Electromagnetic interactions
Magnetic fields
Architected materials can also respond to electromagnetic fields, offering the benefits of remote control and short response time. The materials can be made magnetically responsive by infilling or embedding them with magnetic fluids12 or nanoparticles110, enabling tuning of effective stiffness by an applied magnetic field12 or inductive heating of SMPs by an alternating magnetic field110. Integrating electromagnets into architected materials also allows for electrical control of their magnetically induced responsiveness111.

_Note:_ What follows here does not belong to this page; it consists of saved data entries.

Definition in_factorG (x : seq syl) : bool :=
  match x with [::] | [:: inl _] => true | _ => false end.

Definition headG (x : seq syl) : bool := if x is inl _ :: _ then true else false.

Lemma reduced_cons s x : reduced (s :: x) =
  [&& normal_syl s, (if x is s' :: _ then syl_link s s' else true) & reduced x].
Proof.
rewrite /reduced /=; case: x => [|s' x] /=; first by rewrite !andbT.
by case: (normal_syl s); case: (syl_link s s'); case: (normal_syl s'); case: (all _ x).
Qed.

Lemma reduced_rcons a s : reduced (rcons a s) =
  [&& reduced a, normal_syl s & nilp a || syl_link (last s a) s].
Proof.
rewrite /reduced all_rcons; case: a => [|s0 a] /=; first by rewrite !andbT.
by rewrite rcons_path -!andbA; do !bool_congr.
Qed.

Lemma reduced_inl w x : reduced (inl w :: x) ->
  [/\ rep w = w, w != one, reduced x & ~~ headG x].
Proof.
rewrite reduced_cons => /and3P [/andP [/eqP rw w1] link rx].
by split=> //; case: x link {rx} => [|[]].
Qed.

Lemma normal_rep v : rep v != one -> normal_syl (inl (rep v)).
Proof. by rewrite /= repK eqxx. Qed.

Lemma consG_reduced v x : reduced x -> ~~ headG x -> reduced (consG (rep v) x).
Proof.
rewrite /consG => rx; case: eqP => // /eqP v1 hd.
by rewrite reduced_cons /= repK eqxx v1 rx andbT; case: x hd {rx} => [|[]].
Qed.

Lemma mulG_reduced u x : reduced x -> reduced (mulG u x).
Proof.
case: x => [|[w|l] x] rx; try exact: consG_reduced.
by have [_ _ rx' hd] := reduced_inl rx; apply: consG_reduced.
Qed.

Lemma mulF_reduced l x : reduced x -> reduced (mulF l x).
Proof.
case: x => [|[w|l'] x] //=; rewrite reduced_cons => /and3P [_ link rx].
by case: eqP => [_ //|/eqP l'l]; rewrite !reduced_cons /= l'l link rx.
Qed.

Lemma mul1G x : reduced x -> mulG [::] x = x.
Proof.
case: x => [|[w|l] x] rx; rewrite /mulG /consG ?eqxx //.
by have [-> /negbTE -> _ _] := reduced_inl rx.
Qed.

Lemma eq_mulG u v x : peq u v -> mulG u x = mulG v x.
Proof.
by move=> uv; case: x => [|[w|l] x] /=; rewrite ?(rep_eq (pe_catr w uv)) ?(rep_eq uv).
Qed.
Lemma frob_high_start {q rho y0 m Z1 : int} : frob < b * y0 + a * m ->
  y0 = q * f + rho -> 0 <= q -> 0 <= rho < f -> q < p%:Z ->
  f * Z1 <= y0 + a < f * Z1 + f ->
  0 <= m - b + e * (Z1 + q + 1 - p%:Z).
Proof.
move=> n_gt y0E q_ge0 rho_range q_lt_p Z1_range.
have /andP [Z1_ge Z1_le] := floor_shift_range y0E rho_range Z1_range.
move: rho_range Z1_range => /andP [rho_ge0 rho_lt] /andP [Z1_lo Z1_hi].
suff : a * (b - e * (Z1 + q + 1 - p%:Z)) < a * (m + 1) by rewrite ltr_pM2l //; lia.
have h0 : 0 <= (p%:Z - q - 1) * (c - a * e) by apply: mulr_ge0; lia.
move: n_gt; rewrite /frob y0E; have [Z1E|Z1E] : Z1 = q + r \/ Z1 = q + r + 1 by lia.
- have h : 0 <= b * (f - 1 - rho - al) by apply: mulr_ge0; lia.
  by case: (lerP (e * a) (al * b)) => C n_gt; rewrite cE aE Z1E in C n_gt h0 h *; lia.
- have h : 0 <= b * (f - 1 - rho) by apply: mulr_ge0; lia.
  by case: (lerP (e * a) (al * b)) => C n_gt; rewrite cE aE Z1E in C n_gt h0 h *; lia.
Qed.

Lemma representation_param (y0 m z : int) : 0 <= z -> 0 <= m + e * z -> f * z <= y0 ->
  representation a b c (b * y0 + a * m) (m + e * z, (y0 - f * z, z)).
Proof. by move=> z_ge0 x_ge0 fz_le; split=> //=; [lia | rewrite cE; ring]. Qed.
(* Substituting x = cosh t turns G_k into phi t = sinh t - k t, whose derivative
   cosh t - k is at least 1 - k > 0; so phi is a diffeomorphism of R and
   H_k = cosh o phi^-1 on [0, oo).  Since (phi^-1)' = 1/(cosh - k) o phi^-1, every
   derivative of cosh o phi^-1 is a polynomial in cosh, sinh and 1/(cosh - k)
   composed with phi^-1, hence smoothness.  At 0 we have H(0) = 1, H'(0) = 0 and
   H''(0) = 1/(1-k)^2, and Taylor's formula with a continuous second derivative
   gives the expansion.  At infinity, t = phi^-1(x) satisfies cosh t = x + e^-t + k t
   and ln x < t <= ln x + ln 8 once t >= 8, so H(x) - x - k ln x is bounded; the
   term k^2 ln x / x is bounded as well. *)

From Stdlib Require Import Reals Lra Psatz ClassicalEpsilon.
From Coquelicot Require Import Coquelicot.
Open Scope R_scope.

Lemma exp_mul_exp_opp t : exp t * exp (- t) = 1.
Proof. rewrite <- exp_plus, Rplus_opp_r; exact exp_0. Qed.

Lemma cosh_pos t : 0 < cosh t.
Proof. unfold cosh; pose proof (exp_pos t); pose proof (exp_pos (- t)); lra. Qed.

Lemma cosh_sqr_sub_sinh_sqr t : cosh t ^ 2 - sinh t ^ 2 = 1.
Proof. unfold cosh, sinh; pose proof (exp_mul_exp_opp t); nra. Qed.

Lemma cosh_ge_1 t : 1 <= cosh t.
Proof. pose proof (cosh_pos t); pose proof (cosh_sqr_sub_sinh_sqr t); nra. Qed.

Lemma cosh_add_sinh t : cosh t + sinh t = exp t.
Proof. unfold cosh, sinh; field. Qed.

Lemma cosh_sub_sinh t : cosh t - sinh t = exp (- t).
Proof. unfold cosh, sinh; field. Qed.
Lemma cf_is_lim a : word12 a -> is_lim_seq (fun n => cf_fin n a) (cf a).
Proof.
  intros Ha.
  assert (Hex : ex_finite_lim_seq (fun n => cf_fin n a)).
  { apply ex_lim_seq_cauchy_corr. intros eps.
    destruct (pow_lt_1_zero (3 / 4) ltac:(rewrite Rabs_right; lra) (eps / 2))
      as [N HN]; [destruct eps; simpl; lra |].
    assert (Htail : forall n k, (N <= n)%nat -> Rabs (cf_fin (n + k) a - cf_fin n a) < eps).
    { intros n k Hn. eapply Rle_lt_trans; [apply cf_fin_cauchy; auto |].
      specialize (HN n Hn). rewrite Rabs_right in HN by (apply Rle_ge, pow_le; lra). lra. }
    exists N. intros n m Hn Hm.
    destruct (le_lt_dec n m).
    - replace m with (n + (m - n))%nat by lia. rewrite Rabs_minus_sym. auto.
    - replace n with (m + (n - m))%nat by lia. auto. }
  destruct Hex as [l Hl]. unfold cf. rewrite (is_lim_seq_unique _ _ Hl). exact Hl.
Qed.

Lemma cf_bounds a : word12 a -> 1 <= cf a <= 3.
Proof.
  intros Ha. pose proof (cf_is_lim a Ha) as Hl. split.
  - apply (is_lim_seq_le (fun _ => 1) (fun n => cf_fin n a) 1 (cf a)); auto using is_lim_seq_const.
    intros n; apply cf_fin_bounds, Ha.
  - apply (is_lim_seq_le (fun n => cf_fin n a) (fun _ => 3) (cf a) 3); auto using is_lim_seq_const.
    intros n; apply cf_fin_bounds, Ha.
Qed.

Lemma cf_cons a : word12 a -> cf a = INR (a 0%nat) + / cf (fun i => a (S i)).
Proof.
  intros Ha.
  assert (Ha1 : word12 (fun i => a (S i))) by (intros i; apply Ha).
  assert (Hl : is_lim_seq (fun n => cf_fin (S n) a) (INR (a 0%nat) + / cf (fun i => a (S i)))).
  { apply is_lim_seq_plus'; [apply is_lim_seq_const |].
    apply (is_lim_seq_inv _ (cf (fun i => a (S i)))); [apply cf_is_lim; auto |].
    pose proof (cf_bounds _ Ha1). intros E; injection E; lra. }
  apply (is_lim_seq_incr_1 (fun n => cf_fin n a)) in Hl.
  pose proof (is_lim_seq_unique _ _ Hl) as E1.
  pose proof (is_lim_seq_unique _ _ (cf_is_lim a Ha)) as E2.
  rewrite E1 in E2. injection E2; auto.
Qed.

Lemma cf_fin_ext n : forall a b, (forall i, a i = b i) -> cf_fin n a = cf_fin n b.
Proof.
  induction n as [|n IH]; intros a b H; simpl; rewrite H; [| rewrite (IH _ (fun i => b (S i)))]; auto.
Qed.

Lemma cf_ext a b : (forall i, a i = b i) -> cf a = cf b.
Proof. intros H; unfold cf; f_equal; apply Lim_seq_ext; intros; apply cf_fin_ext, H. Qed.

Fixpoint cf_prefix (l : list nat) (y : R) : R :=
  match l with
  | nil => y
  | a :: l' => INR a + / cf_prefix l' y
  end.

Lemma cf_prefix_app l1 l2 y : cf_prefix (l1 ++ l2) y = cf_prefix l1 (cf_prefix l2 y).
Proof. induction l1 as [|a l1 IH]; simpl; congruence. Qed.

Lemma wconcat_word12 l w : fword12 l -> word12 w -> word12 (wconcat l w).
Proof.
  intros Hl Hw i. unfold wconcat. destruct (Nat.ltb_spec i (length l)); auto.
  apply (proj1 (Forall_forall _ _) Hl), nth_In; auto.
Qed.

Lemma cf_wconcat l w : fword12 l -> word12 w -> cf (wconcat l w) = cf_prefix l (cf w).
Proof.
  intros Hl Hw; induction Hl as [|a l Ha Hl IH]; simpl.
  - apply cf_ext; intros i; unfold wconcat; simpl. rewrite Nat.sub_0_r; reflexivity.
  - rewrite cf_cons by (apply wconcat_word12; auto; constructor; auto).
    rewrite <- IH. reflexivity.
Qed.

Lemma cf_prefix_ge1 l y : fword12 l -> 1 <= y -> 1 <= cf_prefix l y.
Proof.
  intros Hl Hy; induction Hl as [|a l Ha Hl IH]; simpl; auto.
  pose proof (over12_INR _ Ha).
  assert (0 < / cf_prefix l y) by (apply Rinv_0_lt_compat; lra). lra.
Qed.

Lemma cf_prefix_lipschitz l y y' : fword12 l -> 1 <= y -> 1 <= y' ->
  Rabs (cf_prefix l y - cf_prefix l y') <= Rabs (y - y').
Proof.
  intros Hl Hy Hy'; induction Hl as [|a l Ha Hl IH]; simpl; [lra |].
  pose proof (cf_prefix_ge1 l y Hl Hy); pose proof (cf_prefix_ge1 l y' Hl Hy').
  replace (INR a + / cf_prefix l y - (INR a + / cf_prefix l y'))
    with (/ cf_prefix l y - / cf_prefix l y') by ring.
  eapply Rle_trans; [apply (Rabs_Rinv_sub_le _ _ 1); lra |].
  unfold Rdiv; rewrite Rmult_1_r, Rinv_1, Rmult_1_r; exact IH.
Qed.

To program complex structural transformations in response to magnetic fields, ferromagnetic domains can be spatially distributed in a soft magnetic composite through direct ink writing. Positioning a permanent magnet or an electromagnet at the extrusion nozzle aligns the ferromagnetic particles in the ink formulation with the printing direction. Under applied magnetic fields, the 3D-printed architectures change shape almost instantaneously (<1 s)14 (Fig. 4a). Figure 4b showcases a hexapedal structure that catches, moves and releases small objects under the control of a magnetic field over the course of 11 s (ref.14). Magnetically responsive metamaterials have also been demonstrated to transform asymmetrically, with widely tunable stiffness and acoustic bandgaps, in response to positive and negative magnetic fields112. Whereas the magnetization prescribed by direct ink writing is confined to the lateral plane, a projection-based printing system that uses a permanent magnet with multi-axis rotational control can program 3D magnetization profiles that allow higher-order bending and torsion113.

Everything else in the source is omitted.